Lemma counit_r_lin (W : lmodType k) (f : H -> W) y : lin f ->
  \sum_(g <- Delta y) eps g.2 *: f g.1 = f y.
Proof.
move=> hf; rewrite -{2}(counit_r hopf y) lin_sum //.
by apply: eq_bigr => g _; rewrite (linZ _ _ hf).
Qed.

Lemma lin_eps_scale (W : lmodType k) (w : W) : lin (fun x => eps x *: w).
Proof. by move=> c x y; rewrite (eps_lin hopf) scalerDl scalerA. Qed.

Lemma antipode1 : S 1 = 1.
Proof.
have := antipode_l hopf 1; rewrite (Delta_one hopf (phi := fun a b => S a * b)).
  by rewrite mulr1 (eps_one hopf) scale1r.
by apply: bilinP => z; linearity hopf.
Qed.

Section AntipodeAntimultiplicative.
Variables a b : H.

(* [conv] is S(a1 b1) a2 b2 S(b3) S(a3): cancelling the inner pairs first gives
   S(b) S(a), cancelling the outer pairs first gives S(ab). *)
Let conv3 x y z := \sum_(e <- Delta b) \sum_(e' <- Delta e.1)
  S (x * e'.1) * (y * e'.2) * S e.2 * S z.
Let conv := \sum_(d <- Delta a) \sum_(d' <- Delta d.1) conv3 d'.1 d'.2 d.2.

Lemma conv_antipode_inner : conv = S b * S a.
Proof.
rewrite /conv /conv3.
transitivity (\sum_(d <- Delta a) \sum_(e <- Delta b)
    ((eps e.1 *: S e.2) * (eps d.1 *: S d.2))); last first.
  under eq_bigr do rewrite -mulr_suml.
  rewrite (counit_l_lin (f := S)); last by linearity hopf.
  by rewrite -mulr_sumr (counit_l_lin (f := S)) //; linearity hopf.
apply: eq_bigr => d _; rewrite exchange_big; apply: eq_bigr => e _.
rewrite -(Delta_mul hopf d.1 e.1 (phi := fun x y => S x * y * S e.2 * S d.2)); last first.
  by apply: bilinP => z; linearity hopf.
rewrite (antipode_l_lin (f := fun t => t * S e.2 * S d.2)); last by linearity hopf.
rewrite (eps_mul hopf) mul1r -scalerAl -scalerAr scalerA; congr (_ *: _); exact: mulrC.
Qed.

Lemma conv_antipode_outer : conv = S (a * b).
Proof.
rewrite /conv (Delta_coassoc hopf a (phi := conv3)); last first.
  apply: trilinP => u v; rewrite /conv3;
    by apply: lin_sumf => e; apply: lin_sumf => e'; linearity hopf.
transitivity (\sum_(d <- Delta a) eps d.2 *: S (d.1 * b)); last first.
  by rewrite (counit_r_lin (f := fun x => S (x * b))) //; linearity hopf.
apply: eq_bigr => d _.
transitivity (\sum_(d' <- Delta d.2) S (d.1 * b) * (d'.1 * S d'.2)); last first.
  by rewrite (antipode_r_lin (f := fun t => S (d.1 * b) * t)) ?mulr1 //; linearity hopf.
apply: eq_bigr => d' _; rewrite /conv3.
rewrite (Delta_coassoc hopf b (phi := fun x y z => S (d.1 * x) * (d'.1 * y) * S z * S d'.2));
  last by apply: trilinP => u v; linearity hopf.
transitivity (\sum_(e <- Delta b) eps e.2 *: (S (d.1 * e.1) * d'.1 * S d'.2)).
  apply: eq_bigr => e _.
  transitivity (\sum_(e' <- Delta e.2) S (d.1 * e.1) * d'.1 * (e'.1 * S e'.2) * S d'.2).
    by apply: eq_bigr => g _; rewrite !mulrA.
  rewrite (antipode_r_lin (f := fun t => S (d.1 * e.1) * d'.1 * t * S d'.2)) ?mulr1 //.
  by linearity hopf.
rewrite (counit_r_lin (f := fun x => S (d.1 * x) * d'.1 * S d'.2)); last by linearity hopf.
by rewrite mulrA.
Qed.

End AntipodeAntimultiplicative.

Lemma antipodeM a b : S (a * b) = S b * S a.
Proof. by rewrite -conv_antipode_outer conv_antipode_inner. Qed.

End HopfAlgebra.

Section SemiQuasitriangular.
Variables (k : fieldType) (H : algType k) (Delta : H -> seq (H * H)) (eps : H -> k)
  (S : H -> H) (R : seq (H * H)).
Hypothesis sqt : semiquasitriangular Delta eps S R.
Let hopf := sqt_hopf sqt.

Lemma R_mul_counit_l (W : lmodType k) (psi : H -> H -> W) : bilin psi ->
  \sum_(r <- R) psi r.1 r.2 = \sum_(q <- R) psi q.1 ((\sum_(r <- R) eps r.1 *: r.2) * q.2).
Proof.
move=> hpsi; have heps : trilin (fun x y z => eps x *: psi y z).
  apply: trilinP => u v /=; [exact (lin_eps_scale hopf _)
    | exact (lin_scale _ (bilin_lin_l v hpsi)) | exact (lin_scale _ (bilin_lin_r v hpsi))].
transitivity (\sum_(r <- R) \sum_(d <- Delta r.1) eps d.1 *: psi d.2 r.2).
  by apply: eq_bigr => r _; rewrite (counit_l_lin hopf (f := psi^~ r.2)) //; exact: bilin_lin_l.
rewrite (sqt1 sqt heps) exchange_big; apply: eq_bigr => q _ /=.
rewrite mulr_suml (lin_sum (f := psi q.1)); last exact: bilin_lin_r.
by apply: eq_bigr => r _; rewrite -scalerAl (linZ _ _ (bilin_lin_r _ hpsi)).
Qed.

Lemma R_mul_counit_r (W : lmodType k) (psi : H -> H -> W) : bilin psi ->
  \sum_(r <- R) psi r.1 r.2 = \sum_(q <- R) psi ((\sum_(r <- R) eps r.2 *: r.1) * q.1) q.2.
Proof.
move=> hpsi; have heps : trilin (fun x y z => eps z *: psi x y).
  apply: trilinP => u v /=; [exact (lin_scale _ (bilin_lin_l u hpsi))
    | exact (lin_scale _ (bilin_lin_r u hpsi)) | exact (lin_eps_scale hopf _)].
transitivity (\sum_(r <- R) \sum_(d <- Delta r.2) eps d.2 *: psi r.1 d.1).
  by apply: eq_bigr => r _; rewrite (counit_r_lin hopf (f := psi r.1)) //; exact: bilin_lin_r.
rewrite (sqt2 sqt heps) exchange_big; apply: eq_bigr => q _ /=.
rewrite mulr_suml (lin_sum (f := psi^~ q.2)); last exact: bilin_lin_l.
by apply: eq_bigr => r _; rewrite -scalerAl (linZ _ _ (bilin_lin_l _ hpsi)).
Qed.

(* Multiply on the right by R^-1 and apply eps (x) id (resp. id (x) eps below). *)
Lemma R_mul_cancel_r (x : H) :
  (forall (W : lmodType k) (psi : H -> H -> W), bilin psi ->
     \sum_(r <- R) psi r.1 r.2 = \sum_(r <- R) psi r.1 (x * r.2)) -> x = 1.
Proof.
move=> hx; have [Ri [RRi _]] := sqt_inv sqt.
have := hx _ (fun a b => \sum_(v <- Ri) eps (a * v.1) *: (b * v.2)).
rewrite (RRi _ (fun a b => eps a *: b)); last by apply: bilinP => z; linearity hopf.
under [in RHS]eq_bigr do under eq_bigr do rewrite -mulrA.
rewrite (RRi _ (fun a b => eps a *: (x * b))); last by apply: bilinP => z; linearity hopf.
rewrite /= (eps_one hopf) !scale1r mulr1 => -> //.
by apply: bilin_sum => v; apply: bilinP => z; linearity hopf.
Qed.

§ WHAT YOU NEED TO DO
Please give back exactly the lines of the listing above that run from the one containing "apply: eq_bigr => d' _; rewrite /conv3." through the one containing "transitivity (\sum_(e' <- Delta", and only those.

§ RESULT OF THE EXERCISE
apply: eq_bigr => d' _; rewrite /conv3.
rewrite (Delta_coassoc hopf b (phi := fun x y z => S (d.1 * x) * (d'.1 * y) * S z * S d'.2));
  last by apply: trilinP => u v; linearity hopf.
transitivity (\sum_(e <- Delta b) eps e.2 *: (S (d.1 * e.1) * d'.1 * S d'.2)).
  apply: eq_bigr => e _.
  transitivity (\sum_(e' <- Delta e.2) S (d.1 * e.1) * d'.1 * (e'.1 * S e'.2) * S d'.2).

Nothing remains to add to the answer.